═══ DATA FOR THIS TASK ═══
(* Let $\hat x\in\mathbb{R}^{n_1}$ and let (P$'$), (S1$'$), (S2), (S2$'$) be as defined in the context, and assume $d=c_y$ and that (S1$'$) and (S2$'$) are feasible. Then (P$'$) can be solved by solving (S1$'$) and (S2$'$) independently, as follows. Let $\mathfrak O$ be the optimal value of (S1$'$) if finite and $\mathfrak O=+\infty$ otherwise. Then: (S2) is unbounded if either (S2$'$) is unbounded (with an unbounded ray $(\tilde\psi,\tilde u_y)$, in which case $(\tilde\psi,\tilde u_y,0)$ is an unbounded ray of (S2)) or (S2$'$) has a finite optimum $\mathfrak O_2$ at $(\hat\psi,\hat u_y)$ with $\mathfrak O_2>\mathfrak O$ (in which case $(\hat\psi,\hat u_y,1)$ is an unbounded ray of (S2)); and if (S2$'$) has a finite optimum $\mathfrak O_2\le\mathfrak O$ at $(\hat\psi,\hat u_y)$, then $(\hat\psi,\hat u_y,0)$ is optimal for (S2) with value $\mathfrak O_2$. Consequently (P$'$) is unbounded if and only if (S1$'$) is unbounded, or (S2$'$) is unbounded, or the optimal value of (S2$'$) exceeds $\mathfrak O$; otherwise the optimal value of (P$'$) equals the optimal value of (S2$'$), attained at $(\psi,u_y,w,y,u_\psi,v)=(\hat\psi,\hat u_y,0,0,0,0)$.
   Context: Data: $A\in\mathbb{R}^{m\times n_1}$, $B\in\mathbb{R}^{m\times n_2}$, $b\in\mathbb{R}^m$, $c_y,d\in\mathbb{R}^{n_2}$, $G_{xy}\in\mathbb{R}^{p\times n_1}$, $G_y\in\mathbb{R}^{p\times n_2}$, $h_y\in\mathbb{R}^p$, $G_{x\psi}\in\mathbb{R}^{\ell\times n_1}$, $G_\psi\in\mathbb{R}^{\ell\times m}$, $h_\psi\in\mathbb{R}^\ell$, $K_\psi\in\mathbb{R}^{q\times m}$, $K_s\in\mathbb{R}^{q\times r}$, $K_x\in\mathbb{R}^{q\times n_1}$, $k\in\mathbb{R}^q$ (the $K$'s, $k$ come from a McCormick linearization in a strong-duality reformulation of a bilevel program with lower level $\min_{y\ge0}\{d^Ty:Ax+By\ge b\}$, whose upper level additionally imposes $G_{x\psi}x+G_\psi\psi\ge h_\psi$ on the lower-level dual $\psi$). $\mathbf 1$ is the all-ones vector. (P$'$) (Benders subproblem, dual of $\min c_y^Ty$ s.t. $G_yy\ge h_y-G_{xy}\hat x$, $By\ge b-A\hat x$, $-B^T\psi\ge-d$, $-d^Ty+\psi^Tb-s^T\mathbf 1\ge 0$, $K_\psi\psi+K_ss\ge k+K_x\hat x$, $G_\psi\psi\ge h_\psi-G_{x\psi}\hat x$, $y,\psi,s\ge0$): maximize $\psi^T(b-A\hat x)+u_y^T(h_y-G_{xy}\hat x)+u_\psi^T(h_\psi-G_{x\psi}\hat x)-[d^Ty-v^T(k+K_x\hat x)]$ subject to $By-G_\psi^Tu_\psi-K_\psi^Tv\ge bw$, $B^T\psi+G_y^Tu_y\le dw+c_y$, $K_s^Tv\le\mathbf 1 w$, $\psi,u_y,u_\psi,w,y,v\ge0$. (S1$'$): minimize $d^Ty-u_\psi^T(h_\psi-G_{x\psi}\hat x)-v^T(k+K_x\hat x)$ subject to $By-G_\psi^Tu_\psi-K_\psi^Tv\ge b$, $K_s^Tv\le\mathbf 1$, $y,u_\psi,v\ge0$. (S2): maximize $\psi^T(b-A\hat x)+u_y^T(h_y-G_{xy}\hat x)-\mathfrak O w$ subject to $B^T\psi+G_y^Tu_y\le dw+c_y$, $\psi,u_y,w\ge0$ (with $w$ fixed at $0$ if $\mathfrak O=+\infty$). (S2$'$): (S2) with $w$ fixed at $0$, i.e., maximize $\psi^T(b-A\hat x)+u_y^T(h_y-G_{xy}\hat x)$ s.t. $B^T\psi+G_y^Tu_y\le c_y$, $\psi,u_y\ge0$. *)

From mathcomp Require Import all_boot all_order all_algebra.
Set Implicit Arguments. Unset Strict Implicit. Unset Printing Implicit Defensive.
Import Order.TTheory GRing.Theory Num.Theory.
Local Open Scope ring_scope.

Section Defs.
Variable R : realFieldType.

Definition dotv (k : nat) (u v : 'cV[R]_k) : R := \sum_(i < k) u i 0 * v i 0.

Definition lev (k : nat) (u v : 'cV[R]_k) : Prop := forall i, u i 0 <= v i 0.
Definition nonneg (k : nat) (u : 'cV[R]_k) : Prop := lev 0 u.

Definition ones (k : nat) : 'cV[R]_k := const_mx 1.

Definition optimal_max (X : Type) (F : X -> Prop) (f : X -> R) (x : X) : Prop :=
  F x /\ forall x', F x' -> f x' <= f x.
Definition optimal_min (X : Type) (F : X -> Prop) (f : X -> R) (x : X) : Prop :=
  F x /\ forall x', F x' -> f x <= f x'.
Definition unbounded_max (X : Type) (F : X -> Prop) (f : X -> R) : Prop :=
  forall M : R, exists x, F x /\ M < f x.
Definition unbounded_min (X : Type) (F : X -> Prop) (f : X -> R) : Prop :=
  forall M : R, exists x, F x /\ f x < M.
Definition feasible (X : Type) (F : X -> Prop) : Prop := exists x, F x.
Definition opt_value_min (X : Type) (F : X -> Prop) (f : X -> R) (o : R) : Prop :=
  exists x, optimal_min F f x /\ f x = o.
Definition opt_value_max (X : Type) (F : X -> Prop) (f : X -> R) (o : R) : Prop :=
  exists x, optimal_max F f x /\ f x = o.

(** Extended value O in R ∪ {+oo}, encoded as [option R] with [None] = +oo. *)
Definition ext_gt (a : R) (O : option R) : Prop :=
  match O with Some o => o < a | None => False end.

Record LPdata (m n1 n2 p l q r : nat) := {
  A : 'M[R]_(m, n1); B : 'M[R]_(m, n2); b : 'cV[R]_m;
  cy : 'cV[R]_n2; d : 'cV[R]_n2;
  Gxy : 'M[R]_(p, n1); Gy : 'M[R]_(p, n2); hy : 'cV[R]_p;
  Gxpsi : 'M[R]_(l, n1); Gpsi : 'M[R]_(l, m); hpsi : 'cV[R]_l;
  Kpsi : 'M[R]_(q, m); Ks : 'M[R]_(q, r); Kx : 'M[R]_(q, n1); k : 'cV[R]_q }.

Variables (m n1 n2 p l q r : nat) (D : LPdata m n1 n2 p l q r) (xh : 'cV[R]_n1).

Definition Pvar := ('cV[R]_m * 'cV[R]_p * R * 'cV[R]_n2 * 'cV[R]_l * 'cV[R]_q)%type.

Definition P_feas (z : Pvar) : Prop :=
  let: (psi, uy, w, y, upsi, v) := z in
  [/\ nonneg psi, nonneg uy, 0 <= w, nonneg y & nonneg upsi /\ nonneg v] /\
  [/\ lev (w *: b D) (B D *m y - (Gpsi D)^T *m upsi - (Kpsi D)^T *m v),
      lev ((B D)^T *m psi + (Gy D)^T *m uy) (w *: d D + cy D)
    & lev ((Ks D)^T *m v) (w *: ones r)].

Definition P_obj (z : Pvar) : R :=
  let: (psi, uy, w, y, upsi, v) := z in
  dotv psi (b D - A D *m xh) + dotv uy (hy D - Gxy D *m xh)
  + dotv upsi (hpsi D - Gxpsi D *m xh)
  - (dotv (d D) y - dotv v (k D + Kx D *m xh)).

Definition S1var := ('cV[R]_n2 * 'cV[R]_l * 'cV[R]_q)%type.

Definition S1_feas (z : S1var) : Prop :=
  let: (y, upsi, v) := z in
  [/\ nonneg y, nonneg upsi, nonneg v,
      lev (b D) (B D *m y - (Gpsi D)^T *m upsi - (Kpsi D)^T *m v)
    & lev ((Ks D)^T *m v) (ones r)].

Definition S1_obj (z : S1var) : R :=
  let: (y, upsi, v) := z in
  dotv (d D) y - dotv upsi (hpsi D - Gxpsi D *m xh) - dotv v (k D + Kx D *m xh).

Definition S2var := ('cV[R]_m * 'cV[R]_p * R)%type.

Definition S2_feas (O : option R) (z : S2var) : Prop :=
  let: (psi, uy, w) := z in
  [/\ nonneg psi, nonneg uy, 0 <= w, (O = None -> w = 0)
    & lev ((B D)^T *m psi + (Gy D)^T *m uy) (w *: d D + cy D)].

Definition S2_obj (O : option R) (z : S2var) : R :=
  let: (psi, uy, w) := z in
  dotv psi (b D - A D *m xh) + dotv uy (hy D - Gxy D *m xh)
  - (if O is Some o then o * w else 0).

(** Unbounded ray of (S2): a recession direction of its feasible set along
    which the (linear) objective strictly increases. *)
Definition S2_ray (O : option R) (z : S2var) : Prop :=
  let: (psi, uy, w) := z in
  [/\ nonneg psi, nonneg uy, 0 <= w, (O = None -> w = 0)
    & lev ((B D)^T *m psi + (Gy D)^T *m uy) (w *: d D)] /\ 0 < S2_obj O z.

Definition S2'var := ('cV[R]_m * 'cV[R]_p)%type.

Definition S2'_feas (z : S2'var) : Prop :=
  let: (psi, uy) := z in
  [/\ nonneg psi, nonneg uy & lev ((B D)^T *m psi + (Gy D)^T *m uy) (cy D)].

Definition S2'_obj (z : S2'var) : R :=
  let: (psi, uy) := z in
  dotv psi (b D - A D *m xh) + dotv uy (hy D - Gxy D *m xh).

Definition S2'_ray (z : S2'var) : Prop :=
  let: (psi, uy) := z in
  [/\ nonneg psi, nonneg uy, lev ((B D)^T *m psi + (Gy D)^T *m uy) 0
    & 0 < S2'_obj z].

End Defs.

From mathcomp Require Import all_boot all_order all_algebra.
From mathcomp Require Import lra.
From Stdlib Require Import Classical.
Set Implicit Arguments. Unset Strict Implicit. Unset Printing Implicit Defensive.
Import Order.TTheory GRing.Theory Num.Theory.
Local Open Scope ring_scope.

(* With [d = c_y], a feasible point of (P') consists of a point of the
   homogenized feasible set of (S2') at level [w + 1], the scalar [w], and a
   point of the homogenized feasible set of (S1') at level [w]; the objective
   of (P') is the objective of (S2') minus that of (S1').  Averaging with an
   optimal point shows that a homogenized point at level [t] has objective at
   most (resp. at least) [t] times the optimal value, so the objective of (P')
   is at most [(w + 1) O2 - w O], hence at most [O2] when [O2 <= O].  When
   [O2 > O], the points [((1 + s) psi, (1 + s) u_y, s, s y, s u_psi, s v)] built
   from optimal solutions are feasible with objective [O2 + s (O2 - O)], and
   the same half-line without its (S1') part is unbounded for (S2).  Comparing
   [O2] with [O] requires that a feasible bounded linear program attains its
   optimum, which is proved by Fourier-Motzkin elimination. *)

Section FourierMotzkin.
Variable R : realFieldType.

(* [(a, beta)] encodes the inequality [\sum_(i < N) a_i * x_i <= beta] on
   variables [x : nat -> R], coefficients beyond [size a] being zero. *)
Definition ineq := (seq R * R)%type.

Definition dotn N (a : seq R) (x : nat -> R) : R := \sum_(i < N) a`_i * x i.
Definition holds N (x : nat -> R) (c : ineq) : bool := dotn N c.1 x <= c.2.
Definition sat N (S : seq ineq) (x : nat -> R) : bool := all (holds N x) S.

Lemma dotn_ext N a x y : (forall i, (i < N)%N -> x i = y i) ->
  dotn N a x = dotn N a y.
Proof. by move=> exy; apply: eq_bigr => i _; rewrite exy. Qed.

Lemma sat_ext N S x y : (forall i, (i < N)%N -> x i = y i) ->
  sat N S x = sat N S y.
Proof. by move=> exy; apply: eq_all => c; rewrite /holds (dotn_ext _ exy). Qed.

Lemma dotnS N a x : dotn N.+1 a x = dotn N a x + a`_N * x N.
Proof. by rewrite /dotn big_ord_recr. Qed.

Definition upd (x : nat -> R) N t : nat -> R := fun j => if j == N then t else x j.

Lemma dotn_upd N a x t : dotn N.+1 a (upd x N t) = dotn N a x + a`_N * t.
Proof.
rewrite dotnS /upd eqxx; congr (_ + _); apply: dotn_ext => i ltiN.
by rewrite ifF // ltn_eqF.
Qed.

(* For [p_N > 0 > q_N], the combination [- q_N * p + p_N * q] cancels [x_N]. *)
Definition fm_comb N (p q : ineq) : ineq :=
  (mkseq (fun j => - q.1`_N * p.1`_j + p.1`_N * q.1`_j) N,
   - q.1`_N * p.2 + p.1`_N * q.2).

Definition fm_elim N (S : seq ineq) : seq ineq :=
  [seq c <- S | c.1`_N == 0] ++
  [seq fm_comb N p q | p <- [seq c <- S | 0 < c.1`_N],
                       q <- [seq c <- S | c.1`_N < 0]].

Lemma dotn_comb N p q x :
  dotn N (fm_comb N p q).1 x = - q.1`_N * dotn N p.1 x + p.1`_N * dotn N q.1 x.
Proof.
rewrite /dotn !mulr_sumr -big_split; apply: eq_bigr => i _.
by rewrite nth_mkseq // mulrDl !mulrA.
Qed.

Lemma fm_elim_sound N S x : sat N.+1 S x -> sat N (fm_elim N S) x.
Proof.
move=> /allP satS; apply/allP => c; rewrite mem_cat => /orP[|/allpairsP].
  rewrite mem_filter => /andP[/eqP c0 cS]; have := satS c cS.
  by rewrite /holds dotnS c0 mul0r addr0.
move=> [[p q] [/=]]; rewrite !mem_filter => /andP[pos pS] /andP[neg qS] ->.
have := satS p pS; have := satS q qS; rewrite /holds dotn_comb !dotnS /=.
move: (p.1`_N) (q.1`_N) (dotn N p.1 x) (dotn N q.1 x) pos neg => a b dp dq.
nra.
Qed.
═══
WHAT THE TASK REQUIRES – Among the entries, find each line that includes the string "move" and copy it.

TASK ANSWER –
Proof. by move=> exy; apply: eq_bigr => i _; rewrite exy. Qed.
Proof. by move=> exy; apply: eq_all => c; rewrite /holds (dotn_ext _ exy). Qed.
move=> /allP satS; apply/allP => c; rewrite mem_cat => /orP[|/allpairsP].
move=> [[p q] [/=]]; rewrite !mem_filter => /andP[pos pS] /andP[neg qS] ->.
move: (p.1`_N) (q.1`_N) (dotn N p.1 x) (dotn N q.1 x) pos neg => a b dp dq.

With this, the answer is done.